--- START ---

Lemma fhomB X Y (f g : hom C1 X Y) : fhom r (f - g) = fhom r f - fhom r g.
Proof. exact: (@lin_mapB _ _ _ (fhom r) (@fhom_lin _ _ _ r X Y)). Qed.

Lemma fhom_iso X Y (f : hom C1 X Y) : is_iso f -> is_iso (fhom r f).
Proof. by move=> [g [gf fg]]; exists (fhom r g); rewrite -!fhom_comp gf fg !fhom_id. Qed.

Lemma isomorphic_fob X Y : isomorphic X Y -> isomorphic (r X) (r Y).
Proof. by move=> [f isof]; exists (fhom r f); apply: fhom_iso. Qed.

Lemma isomorphic_fob_shn k X : isomorphic (r (shn k X)) (shn k (r X)).
Proof.
elim: k => [|k IH] /=; first exact: isomorphic_refl.
apply: isomorphic_trans (proj2 (isomorphic_sh_iff _ _) IH).
by exists (fphi r _); apply: fphi_iso.
Qed.

Lemma shifted_fob (P1 : C1 -> Prop) (P2 : C2 -> Prop) (n : int) X :
  (forall Y, P1 Y -> P2 (r Y)) -> shifted P1 n X -> shifted P2 n (r X).
Proof.
move=> P12 [Y [a [b [P1Y en XY]]]]; exists (r Y), a, b; split; [exact: P12 | done |].
apply: isomorphic_trans (isomorphic_sym (isomorphic_fob_shn b X)) _.
exact: isomorphic_trans (isomorphic_fob XY) (isomorphic_fob_shn a Y).
Qed.

Definition fhom_onto X Y :=
  forall G : hom C2 (r X) (r Y), exists g : hom C1 X Y, fhom r g = G.

Lemma fhom_onto_isomorphic X Y X' Y' :
  isomorphic X X' -> isomorphic Y Y' -> fhom_onto X' Y' -> fhom_onto X Y.
Proof.
move=> [al [al' [al'al _]]] [be [be' [be'be _]]] onto' G.
have [g' eg'] := onto' (comp (fhom r be) (comp G (fhom r al'))).
exists (comp be' (comp g' al)).
rewrite !fhom_comp eg' !compA -fhom_comp be'be fhom_id comp1m.
by rewrite -compA -fhom_comp al'al fhom_id compm1.
Qed.

Lemma fhom_onto_sh_iff X Y : fhom_onto (sh C1 X) (sh C1 Y) <-> fhom_onto X Y.
Proof.
split=> onto G.
  have [psY [_ phipsY]] := fphi_iso r Y.
  have [g' eg'] := onto (comp psY (comp (shm G) (fphi r X))).
  have [g eg] := shm_full g'.
  exists g; apply: shm_faithful; apply: (iso_cancel_r (fphi_iso r X)).
  by rewrite -fphi_nat eg eg' compA phipsY comp1m.
have [psX [psXphi _]] := fphi_iso r X.
have [G' eG'] := shm_full (comp (fphi r Y) (comp G psX)).
have [g eg] := onto G'.
exists (shm g); apply: (iso_cancel_l (fphi_iso r Y)).
by rewrite fphi_nat eg eG' -!compA psXphi compm1.
Qed.

Lemma fhom_onto_shn_iff k X Y : fhom_onto (shn k X) (shn k Y) <-> fhom_onto X Y.
Proof. by elim: k => [|k IH] //=; rewrite fhom_onto_sh_iff. Qed.

Lemma rad_fhom X Y (d : hom C1 X (sh C1 Y)) :
  fhom_onto (sh C1 Y) X -> rad d -> rad (comp (fphi r Y) (fhom r d)).
Proof.
move=> onto d_rad G; have [g eg] := onto (comp G (fphi r Y)).
rewrite compA -eg -fhom_comp -fhom_id -fhomB.
exact/fhom_iso/d_rad.
Qed.

End ExactFunTheory.

Section WeightExactFun.
Variables (F : comPzRingType) (C1 C2 : TriCat F).
Variables (w1 : WeightStr C1) (w2 : WeightStr C2) (r : ExactFun C1 C2).
Hypotheses (r_wexact : weight_exact w1 w2 r) (r_full : full_on_hearts w1 r).
Implicit Types X Y : C1.

Lemma wle_fob (n : int) X : wle w1 n X -> wle w2 n (r X).
Proof. exact: shifted_fob r_wexact.1. Qed.

Lemma wge_fob (n : int) X : wge w1 n X -> wge w2 n (r X).
Proof. exact: shifted_fob r_wexact.2. Qed.

Lemma fhom_onto_pure (n : int) X Y :
  wle w1 n X -> wge w1 n X -> wle w1 n Y -> wge w1 n Y -> fhom_onto r X Y.
Proof.
move=> Xle Xge Yle Yge.
have [a [b [X0 [X0h XX0 en]]]] := wle_wge_heart Xle Xge.
have [a' [b' [Y0 [Y0h YY0 en']]]] := wle_wge_heart Yle Yge.
have YY0b : isomorphic (shn b Y) (shn a Y0).
  by apply: isomorphic_shn_rebalance YY0 _; lia.
apply/(fhom_onto_shn_iff r b); apply: fhom_onto_isomorphic XX0 YY0b _.
by apply/fhom_onto_shn_iff => G; apply: r_full.
Qed.

Lemma fhom_onto_wle_wge (n : int) X Y : wle w1 n X -> wge w1 n Y -> fhom_onto r X Y.
Proof.
move=> Xle Yge G.
have [Y1 [Y2 [i [p [e [TY Y1le Y2ge]]]]]] := w_filt w1 Y n.
have Y1ge : wge w1 n Y1 := wge_fst_of_dist TY Yge Y2ge.
have [X1 [X2 [j [q [e' [TX X1le X2ge]]]]]] := w_filt w1 X (n - 1).
rewrite subrK in X2ge.
have X2le : wle w1 n X2 := wle_thd_of_dist TX Xle X1le.
have pG : comp (fhom r p) G = 0.
  by apply: (wle_wge_orth (m := n) (k := n + 1)); [exact: wle_fob | exact: wge_fob | lia].
have [G1 <-] := dist_factor_fiber (fdist r TY) pG.
have G1j : comp G1 (fhom r j) = 0.
  by apply: (wle_wge_orth (m := n - 1) (k := n)); [exact: wle_fob | exact: wge_fob | lia].
have [G2 <-] := dist_factor_cone (fdist r TX) G1j.
have [g <-] := fhom_onto_pure X2le X2ge Y1le Y1ge G2.
by exists (comp i (comp g q)); rewrite !fhom_comp.
Qed.

End WeightExactFun.

Theorem mainTheorem2 (F : comPzRingType) (hF : finite_prod_char0_fields F)
    (C1 C2 : TriCat F) (w1 : WeightStr C1) (w2 : WeightStr C2)
    (r : ExactFun C1 C2)
    (hexact : weight_exact w1 w2 r) (hfull : full_on_hearts w1 r)
    (n : int) (M A B : C1)
    (f : hom C1 A M) (g : hom C1 M B) (d : hom C1 B (sh C1 A)) :
  min_wfilt w1 n f g d ->
  min_wfilt w2 n (fhom r f) (fhom r g) (comp (fphi r A) (fhom r d)).
Proof.
move=> [T Ale Bge d_rad]; split.
- exact: fdist.
- exact: (wle_fob hexact).
- exact: (wge_fob hexact).
apply: rad_fhom d_rad; apply: (fhom_onto_wle_wge hexact hfull (n := n)) => //.
by rewrite -(subrK 1 n); apply: shifted_sh.
Qed.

--- END ---

Using the material above, find each line that holds "phipsY" and copy that line.

REPLY —
  have [psY [_ phipsY]] := fphi_iso r Y.
  by rewrite -fphi_nat eg eg' compA phipsY comp1m.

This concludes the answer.